Emerging growth company
¨
If
an emerging growth company, indicate by check mark if the registrant has elected not to use the extended transition period for
complying with any new or revised financial accounting standards provided pursuant to Section 13(a) of the Exchange Act. o
Item 1.01 |
Entry into a Material Definitive Agreement. |
On September 19, 2025, Applied Optoelectronics,
Inc. (the “Company”) entered into a Lease Agreement (the “Lease”) with Coleman Logistics Assets LLC (the “Landlord”),
pursuant to which the Company will lease approximately 209,665 square feet of space (the “Leased Premises”) located at 1111
Gillingham Lane, Sugar Land, Texas 77478 (the “Building”). The Leased Premises will be used by the Company primarily for manufacturing
and related operations.
The Lease has a term of 126 months (the “Term”),
commencing on the earlier of (i) the date the Company commences manufacturing operations within the Leased Premises, (ii) the date on
which the leasehold improvements are substantially completed, or (iii) March 31, 2026 (the “Commencement Date”), and expiring
approximately 126 months thereafter, unless earlier terminated in accordance with the Lease. The Landlord has agreed to provide a construction
allowance toward the cost of leasehold improvements in an amount equal to the lesser of (i) the actual aggregate cost of such improvements
or (ii) $1,886,985.
Base rent under the Lease is abated for the first
seven months of the Term and thereafter increases on a scheduled basis through the end of the Term, reflecting an average annual escalation
of approximately 3.5%. Beginning in the eighth month of the Term, base rent will be $7.44 per rentable square foot on an annual basis
(approximately $129,992 per month), escalating periodically to $10.49 per rentable square foot on an annual basis (approximately $183,367
per month) during the final six months of the Term.
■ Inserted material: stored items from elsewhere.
Lemma card_cadj_ker S : #|cadj_ker S| = (2 ^ nullity e S)%N.
Proof.
rewrite /nullity; have := card_lker (closed_adj e S); rewrite card_Fp // => <-.
pose g (r : 'rV['F_2]_#|S|) := [ffun v => \sum_(i | enum_val i == v) r 0 i].
have gE r j : g r (enum_val j) = r 0 j.
  by rewrite ffunE (big_pred1 j) // => i /=; apply: (inj_eq enum_val_inj).
have g_out r y : y \notin S -> g r y = 0.
  move=> yS; rewrite ffunE big_pred0 // => i; apply: contraNF yS => /eqP <-.
  exact: enum_valP.
have g_inj : injective g by move=> r r' grr; apply/rowP => j; rewrite -!gE grr.
have g_sum r j : cadj_sum S (g r) (enum_val j) = (r *m closed_adj e S) 0 j.
  rewrite /cadj_sum mxE (big_enum_val (fun y => (cadj y (enum_val j))%:R * g r y)).
  by apply: eq_bigr => i _; rewrite gE mxE mulrC /cadj (inj_eq enum_val_inj).
rewrite -(card_imset _ g_inj); apply: eq_card => f.
apply/cadj_kerP/imsetP => [[f0 N0] | [r]].
  have gf : g (\row_i f (enum_val i)) = f.
    apply/ffunP => y; case: (boolP (y \in S)) => yS; last by rewrite g_out ?f0.
    by rewrite -(enum_rankK_in yS yS) gE mxE.
  exists (\row_i f (enum_val i)) => //; rewrite inE; apply/eqP/rowP => j.
  by rewrite [RHS]mxE -g_sum gf N0 ?enum_valP.
rewrite inE => /eqP rN0 ->; split => [y | w wS]; first exact: g_out.
by rewrite -(enum_rankK_in wS wS) g_sum rN0 mxE.
Qed.

Lemma cadj_ker_out S f y : f \in cadj_ker S -> y \notin S -> f y = 0.
Proof. by case/cadj_kerP => f0 _; apply: f0. Qed.

Lemma cadj_sumD S f g w : cadj_sum S (f + g) w = cadj_sum S f w + cadj_sum S g w.
Proof. by rewrite /cadj_sum -big_split; apply: eq_bigr => y _; rewrite ffunE mulrDr. Qed.

Lemma cadj_ker0 S : 0 \in cadj_ker S.
Proof.
apply/cadj_kerP; split => [y _ | w _]; first by rewrite ffunE.
by rewrite /cadj_sum big1 // => y _; rewrite ffunE mulr0.
Qed.

Lemma cadj_kerD S f g : f \in cadj_ker S -> g \in cadj_ker S -> f + g \in cadj_ker S.
Proof.
move=> /cadj_kerP[f0 fN0] /cadj_kerP[g0 gN0]; apply/cadj_kerP.
split => [y yS | w wS]; first by rewrite ffunE f0 ?g0 ?addr0.
by rewrite cadj_sumD fN0 ?gN0 ?addr0.
Qed.

Lemma eq_cadj_sum S f g w : {in S, f =1 g} -> cadj_sum S f w = cadj_sum S g w.
Proof. by move=> fg; apply: eq_bigr => y yS; rewrite fg. Qed.

Lemma cadj_sum_sym S f g :
  \sum_(w in S) g w * cadj_sum S f w = \sum_(w in S) f w * cadj_sum S g w.
Proof.
rewrite /cadj_sum; under eq_bigr do rewrite big_distrr /=.
rewrite exchange_big /=; under [RHS]eq_bigr do rewrite big_distrr /=.
apply: eq_bigr => y _; apply: eq_bigr => w _.
by rewrite cadjC mulrCA [RHS]mulrCA (mulrC (f _)).
Qed.

Lemma cadj_sumU S1 S2 f w : [disjoint S1 & S2] ->
  cadj_sum (S1 :|: S2) f w = cadj_sum S1 f w + cadj_sum S2 f w.
Proof.
move=> dis; rewrite /cadj_sum -bigU //; apply: eq_bigl => y; by rewrite inE.
Qed.

Lemma cadj_sum_cut S1 S2 u v f w : edge_cut e S1 S2 u v -> w \in S1 ->
  cadj_sum S2 f w = (w == u)%:R * f v.
Proof.
move=> [dis _ vS2 euv cross] wS1.
have cadjE y : y \in S2 -> cadj y w = (w == u) && (y == v).
  move=> yS2; rewrite /cadj (_ : (y == w) = false) /=; last first.
    by apply: contraTF yS2 => /eqP->; rewrite (disjointFr dis wS1).
  rewrite sym_e; apply/idP/andP => [ewy | [/eqP-> /eqP->] //].
  by have [-> ->] := cross _ _ wS1 yS2 ewy; rewrite !eqxx.
rewrite /cadj_sum (bigD1 v) //= big1 ?addr0 => [|y /andP[yS2 /negPf yv]].
  by rewrite cadjE // eqxx andbT.
by rewrite cadjE // yv andbF mul0r.
Qed.

Definition restr T f : vec := [ffun y => if y \in T then f y else 0].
In addition to base rent, the Company will be responsible
for its proportionate share of operating expenses, including taxes, insurance, and maintenance costs, in accordance with the
terms of the Lease.
The Company also holds certain rights under the
Lease, including (i) a right of first refusal to lease any space in the Building that is contiguous to the Leased Premises, (ii) a right
of first offer to purchase the Building, and (iii) two successive options to renew the Lease for additional five-year terms, subject to
certain conditions, at the then-prevailing market rental rate determined in accordance with the Lease.
The foregoing description of the Lease does not
purport to be a complete statement of the parties’ rights and obligations under the Lease and is qualified in its entirety by reference
to the full text of the Lease Agreement, which is filed as Exhibit 10.1 to this Current Report on Form 8-K and incorporated by reference
herein.
Item 2.03 |
Creation of a Direct Financial Obligation or an Obligation under an Off-Balance Sheet Arrangement of a Registrant. |
The information contained in Item 1.01 of this
Current Report on Form 8-K with respect to the Lease Agreement is incorporated by reference into Item 2.03.
Item 9.01 |
Financial Statements and Exhibits. |
(d) Exhibits
10.1 |
Lease Agreement, dated September 19, 2025, by and between Applied Optoelectronic, Inc., and Coleman Logistics Assets, LLC. |
104 |
Cover Page Interactive File (the cover page tags are embedded within the Inline XBRL document) |
SIGNATURES
Pursuant to the requirements of the Securities
Exchange Act of 1934, the registrant has duly caused this report to be signed on its behalf by the undersigned hereunto duly authorized.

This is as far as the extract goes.